A new test involving music can help doctors figure out if patients are minimally conscious or in a full vegetative state.

All right. Let's get it out of the way right at the start. A musical test to assess brain damage? Doesn't that sound like a punch line?

But seriously, folks, the brain is a complex organ that can get messed up in a variety of ways. Some people are in a minimally conscious state but do not respond to outside stimulus. Other patients have certain behaviors that can make them seem awake but perform them at random, without having any real response to their environment. Doctors need to be sure about what their patient's condition is before they take action or inform families of their chances of survival.


A new test involving a series of musical notes and electroencephalogram, has been able to separate out vegetative states from minimally conscious states or healthy states in forty-three individuals. The patient is hooked up to an electroencephalogram, so their brain activity is monitored. Doctors then play the patients a number of tones, with sudden changes in pitch. When the pitch changes, every patient's brain had the same response; the temporal cortex would send a message to the frontal cortex. This is basically a signal asking, "This is happening. What should we do?" The frontal cortex is the place where personality and awareness of socially acceptable behaviors are housed. Depending on the person's brain, when it receives a signal about a change in pitch, the frontal cortex will either reply, "Clap, you idiot," or "No. This guy is ripping off early Lou Reed. Don't encourage him by clapping."

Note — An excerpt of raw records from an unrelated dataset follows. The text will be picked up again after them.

Lemma Re_tr_tens_cq_mx m n (U : 'M[C]_m) p (rhoB : 'I_m -> 'M[C]_n)
    (lam : 'M[C]_m) (Y : 'M[C]_n) : Defs.hermitian lam ->
  complex.Re (\tr ((lam *t Y) *m cq_mx U p rhoB)) =
  \sum_k p k * (complex.Re (expval U lam k) * complex.Re (\tr (Y *m rhoB k))).
Proof.
move=> lam_herm; rewrite mulmx_sumr [\tr _]raddf_sum raddf_sum; apply: eq_bigr=> k _.
rewrite /= -scalemxAr tensmx_mul mxtraceZ Re_realM mxtrace_tens; congr (_ * _).
rewrite mulmxA mxtrace_mulC mulmxA trace_mx11 -/(expval U lam k).
by rewrite Re_mul_selfconj // expval_selfconj.
Qed.

Definition expval_mx m (U : 'M[C]_m) (lamA : 'I_(m ^ 2 - 1) -> 'M[C]_m)
    : 'M[R]_(m, m ^ 2 - 1) :=
  \matrix_(k, i) complex.Re (expval U (lamA i) k).

Lemma rank_expval_mx m (U : 'M[C]_m) (lamA : 'I_(m ^ 2 - 1) -> 'M[C]_m) :
  (0 < m)%N -> (forall i, \tr (lamA i) = 0) -> adjmx U *m U = 1%:M ->
  (\rank (expval_mx U lamA) <= m - 1)%N.
Proof.
move=> m_gt0 lamA_tr U_unitary.
have rows_sum0 : const_mx 1 *m expval_mx U lamA = 0 :> 'rV_(m ^ 2 - 1).
  apply/matrixP=> z i; rewrite !mxE.
  under eq_bigr do rewrite !mxE mul1r.
  by rewrite -raddf_sum sum_expval // lamA_tr.
suff : \rank (expval_mx U lamA) != m by have := rank_leq_row (expval_mx U lamA); lia.
apply/negP=> /eqP full; move/eqP: rows_sum0.
rewrite mulmx_free_eq0 /row_free ?full // => /eqP/matrixP/(_ 0 (Ordinal m_gt0)).
by rewrite !mxE => /eqP; rewrite oner_eq0.
Qed.

Lemma left_corr_cq_mx_factor m n (lamA : 'I_(m ^ 2 - 1) -> 'M[C]_m)
    (lamB : 'I_(n ^ 2 - 1) -> 'M[C]_n) (U : 'M[C]_m) p (rhoB : 'I_m -> 'M[C]_n) :
  (forall i, Defs.hermitian (lamA i)) -> (forall k, \tr (rhoB k) = 1) ->
  exists W : 'M[R]_(m, 1 + (n ^ 2 - 1)),
    left_corr lamA lamB (cq_mx U p rhoB) = (expval_mx U lamA)^T *m W.
Proof.
move=> lamA_herm rhoB_tr.
exists (Num.sqrt (2 / (m ^ 2 * n)%N%:R) *: row_mx (\col_k (m%:R / 2 * p k))
   (Num.sqrt (2 / n%:R) *: \matrix_(k, j) ((m * n)%N%:R / 4 *
       (p k * complex.Re (\tr (lamB j *m rhoB k)))))).
rewrite -scalemxAr mul_mx_row -scalemxAr /left_corr.
congr (_ *: row_mx _ (_ *: _)); apply/matrixP=> i j; rewrite !mxE;
  rewrite Re_tr_tens_cq_mx // mulr_sumr; apply: eq_bigr=> k _;
  rewrite ?mul1mx ?rhoB_tr !mxE /=; ring.
Qed.

Lemma proj_fixes_left_corr_cq_mx m n (lamA : 'I_(m ^ 2 - 1) -> 'M[C]_m)
    (lamB : 'I_(n ^ 2 - 1) -> 'M[C]_n) (U : 'M[C]_m) p (rhoB : 'I_m -> 'M[C]_n) :
  (0 < m)%N -> su_generators lamA -> adjmx U *m U = 1%:M ->
  (forall k, \tr (rhoB k) = 1) ->
  exists P : 'M[R]_(m ^ 2 - 1), orth_proj (m - 1) P /\
    P *m left_corr lamA lamB (cq_mx U p rhoB) = left_corr lamA lamB (cq_mx U p rhoB).
Proof.
move=> m_gt0 [lamA_herm [lamA_tr _]] U_unitary rhoB_tr.
have [W ->] := left_corr_cq_mx_factor lamB U p lamA_herm rhoB_tr.
have rank_le : (\rank (expval_mx U lamA) <= m - 1 <= m ^ 2 - 1)%N.
  rewrite rank_expval_mx //= leq_sub2r // -{1}[m]expn1 leq_pexp2l //.
have [P [P_sym P_idem P_rank VP]] := orth_proj_supset rank_le.
by exists P; split; rewrite // mulmxA -{1}P_sym -trmx_mul VP.
Qed.

Lemma psd_mul_adjmx p (w : 'cV[C]_p) : psd (w *m adjmx w).
Proof.
move=> v; rewrite mulmxA -(mulmxA (adjmx v *m w)).
have -> : adjmx w *m v = adjmx (adjmx v *m w) by rewrite adjmxM adjmxK.
by rewrite !mxE big_ord1 !mxE mul_conjC_ge0.
Qed.

Lemma zero_discord_exists m n : (0 < m)%N -> (0 < n)%N ->
  exists chi : 'M[C]_(m * n), zero_discord chi.
Proof.
case: m n => [|m] [|n] // _ _.
pose e : 'cV[C]_n.+1 := delta_mx 0 0.
eexists; exists 1%:M, (fun k => (k == ord0)%:R), (fun=> e *m adjmx e).
split; first by rewrite adjmx1 mulmx1.
split; first by move=> k; rewrite ler0n.
split; first by rewrite (bigD1 ord0) //= big1 ?addr0 // => k /negbTE ->.
split=> [_|//]; split; first by rewrite /Defs.hermitian adjmxM adjmxK.
split; first exact: psd_mul_adjmx.
rewrite mxtrace_mulC trace_mx11 !mxE (bigD1 ord0) //= big1 => [|j /negbTE j0].
  by rewrite !mxE eqxx /= rmorph1 mulr1 addr0.
by rewrite !mxE j0 mulr0.
Qed.

Lemma state_dim_gt0 p (rho : 'M[C]_p) : \tr rho = 1 -> (0 < p)%N.
Proof. by case: p rho => // rho; rewrite /mxtrace big_ord0 => /esym/eqP; rewrite oner_eq0. Qed.

Lemma D_P_le_proj m n (lamA : 'I_(m ^ 2 - 1) -> 'M[C]_m)
    (lamB : 'I_(n ^ 2 - 1) -> 'M[C]_n) (rho : 'M[C]_(m * n)) P :
  orth_proj (m - 1) P ->
  D_P lamA lamB rho <= frob2 (left_corr lamA lamB rho - P *m left_corr lamA lamB rho).
Proof.
move=> P_proj; apply: ge_inf; last by exists P.
by exists 0 => _ [Q [_ ->]]; apply: frob2_ge0.
Qed.

End ClassicalQuantum.

Theorem mainTheorem2 (R : realType) (m n : nat)
  (lamA : 'I_(m ^ 2 - 1) -> 'M[R[i]]_m) (lamB : 'I_(n ^ 2 - 1) -> 'M[R[i]]_n)
  (rho : 'M[R[i]]_(m * n)) :
  su_generators lamA -> su_generators lamB -> is_state rho ->
  D_P lamA lamB rho <= @D_G R m n rho.
Proof.
move=> genA genB [rho_herm [_ rho_tr]].
have /andP[m_gt0 n_gt0] : (0 < m)%N && (0 < n)%N.
  by rewrite -muln_gt0 (state_dim_gt0 rho_tr).
apply: lb_le_inf.
  have [chi chi_cq] := zero_discord_exists R m_gt0 n_gt0.
  by exists (complex.Re (\tr ((rho - chi) *m (rho - chi)))), chi.
move=> _ [_ [[U [p [rhoB [U_unitary [_ [_ [rhoB_state ->]]]]]]] ->]].
rewrite -/(cq_mx U p rhoB); set chi := cq_mx U p rhoB.
have [P [P_proj P_fix]] := proj_fixes_left_corr_cq_mx lamB p m_gt0 genA
  U_unitary (fun k => (rhoB_state k).2.2).
have [P_sym [P_idem _]] := P_proj.
apply: le_trans (D_P_le_proj lamA lamB rho P_proj) _.
have -> : left_corr lamA lamB rho - P *m left_corr lamA lamB rho =
    (1%:M - P) *m left_corr lamA lamB (rho - chi).
  by rewrite left_corrB mulmxBl mul1mx mulmxBr P_fix opprB addrA subrK.
apply: le_trans (frob2_compl_proj_le _ P_sym P_idem) _.
apply: frob2_left_corr_le => //; rewrite /Defs.hermitian adjmxB rho_herm.
by rewrite cq_mx_hermitian // => k; case: (rhoB_state k).
Qed.
Lemma downclosed_or_cover p u (O : Lam -> Prop) : downclosed O ->
  (forall l, O l \/ cover_le (inst (al l) p) u) -> (forall l, O l) \/ tle (inst a p) u.
Proof.
move=> dO Ocov.
pose P (v : I * nat) l := ole (ucov (inst (al l) p) v.1) (Some (lcov v.1 u)).
have dP v : downclosed (P v).
  by move=> l m lm; apply: ole_trans; apply: ucov_inst_homo.
have dC : downclosed (fun l => exists2 v, var_in v p & P v l).
  by move=> l m lm [v pv Pm]; exists v => //; apply: dP lm Pm.
have OC l : O l \/ exists2 v, var_in v p & P v l.
  by case: (Ocov l) => [|/cover_le_inst_index]; [left|right].
case: (downclosed_cover2 Lam_dir dO dC OC) => [|allC]; [by left|right].
have [v _ Pv] := downclosed_cover_vars Lam_dir dP allC.
apply: (tle_ucov (i := v.1) (c := lcov v.1 u)) => //.
exact: olim_le (ucov_inst_lim p v.1) Pv.
Qed.

Lemma inst_meet_sup_le p0 p1 u (R : Lam -> Prop) :
  ((forall l, tle (inst (al l) p0) u) -> tle (inst a p0) u) ->
  ((forall l, tle (inst (al l) p1) u) -> tle (inst a p1) u) ->
  downclosed R -> ((forall l, R l) -> tle (inst a (LMeet p0 p1)) u) ->
  (forall l, [\/ cover_le (inst (al l) (LMeet p0 p1)) u, tle (inst (al l) p0) u,
                 tle (inst (al l) p1) u | R l]) ->
  tle (inst a (LMeet p0 p1)) u.
Proof.
move=> IH0 IH1 dR R_le meet_le.
have d01 := downclosedU (downclosed_tle p0 u) (downclosed_tle p1 u).
have O_or_cover l : ((tle (inst (al l) p0) u \/ tle (inst (al l) p1) u) \/ R l) \/
    cover_le (inst (al l) (LMeet p0 p1)) u.
  by case: (meet_le l); tauto.
case: (downclosed_or_cover (downclosedU d01 dR) O_or_cover) => [allO|//].
case: (downclosed_cover2 Lam_dir d01 dR allO) => [all01|/R_le//].
case: (downclosed_cover2 Lam_dir (downclosed_tle p0 u) (downclosed_tle p1 u) all01).
  by move/IH0; apply: tle_meetl0.
by move/IH1; apply: tle_meetl1.
Qed.

Lemma inst_sup_le p u : (forall l, tle (inst (al l) p) u) -> tle (inst a p) u.
Proof.
elim: p u => [[i n]|p0 IH0 p1 IH1|p0 IH0 p1 IH1] u inst_le.
- apply: (tle_ucov (ucov_atom_le (a i n))); apply: a_least => l.
  by have [/(_ i)] := tle_covers (inst_le l); rewrite lcov_atom.
- elim: u inst_le => [s|u0 IHu0 u1 IHu1|u0 IHu0 u1 IHu1] inst_le.
  + apply: (inst_meet_sup_le (R := fun=> False)) (IH0 _) (IH1 _) _ _ _ => [//|allF|l].
      by have [l _] := proj1 Lam_dir; case: (allF l).
    by case: (tle_meetlP (inst_le l)) => [c|[h|h]|[? [? //]]|[? [? [E _]]]];
      [apply: Or41|apply: Or42|apply: Or43|discriminate].
  + apply: tle_meetr; [apply: IHu0|apply: IHu1] => l; by case: (tle_meetrP (inst_le l)).
  + pose R l := tle (inst (al l) (LMeet p0 p1)) u0 \/ tle (inst (al l) (LMeet p0 p1)) u1.
    have dR : downclosed R by apply: downclosedU; apply: downclosed_tle.
    apply: (inst_meet_sup_le (R := R)) (IH0 _) (IH1 _) dR _ _ => [allR|l].
      case: (downclosed_cover2 Lam_dir (downclosed_tle _ _) (downclosed_tle _ _) allR).
        by move/IHu0; apply: tle_joinr0.
      by move/IHu1; apply: tle_joinr1.
    case: (tle_meetlP (inst_le l)) => [c|[h|h]|[? [? //]]|[? [? [[<- <-] r]]]].
    * exact: Or41.
    * exact: Or42.
    * exact: Or43.
    * exact: Or44.
- by apply: tle_joinl; [apply: IH0|apply: IH1] => l; case: (tle_joinlP (inst_le l)).
Qed.

End DirectedSup.

Unset Implicit Arguments.

Theorem lemma4p4
  (I : Type) (d : I -> Order.disp_t) (Li : forall i, bLatticeType (d i))
  (HUC : forall i, upper_continuous (Li i))
  (dL : Order.disp_t) (L : bLatticeType dL) (e : forall i, Li i -> L)
  (Hcop : is_coproduct0 Li L e)
  (dA : Order.disp_t) (Lam : porderType dA)
  (Hdir : up_directed (fun l m : Lam => l <= m) (fun _ => True))
  (al : Lam -> forall (i : I) (n : nat), Li i)
  (Hiso : forall l m : Lam, l <= m -> forall i n, al l i n <= al m i n)
  (a : forall (i : I) (n : nat), Li i)
  (Hsup : is_lub (fun x y : forall (i : I) (n : nat), Li i => forall i n, x i n <= y i n)
                 (fun x => exists l, x = al l) a)
  (p : lterm (I * nat)) :
  is_lub (fun x y : L => x <= y)
    (fun y => exists l, y = leval (fun v : I * nat => e v.1 (al l v.1 v.2)) p)
    (leval (fun v : I * nat => e v.1 (a v.1 v.2)) p).
Proof.
have [[i0 _] _] := var_in_exists p.
have e_hom := proj1 Hcop.
split=> [_ [l ->]|u ub].
  by rewrite !(teval_inst e); apply: (tle_teval e_hom (tle_inst_sup Hsup l p)).
have [t ut] := teval_onto Hcop i0 u; rewrite ut in ub *.
rewrite (teval_inst e); apply: (tle_teval e_hom).
apply: (inst_sup_le HUC Hdir Hiso Hsup) => l.
by apply: (teval_reflect Hcop i0); rewrite -(teval_inst e); apply: ub; exists l.
Qed.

Healthy or even minimally conscious individuals will have a frontal lobe that replies to the temporal cortex, even if the reply doesn't (or can't) cause the patient to have any visible response. Individuals whose brains have been so badly damaged that they're in a vegetative state will still send out the signal from the temporal cortex, but will get no response. This test may help doctors assess an unresponsive patient accurately, giving them (and the patient's family) clues as to what to do next.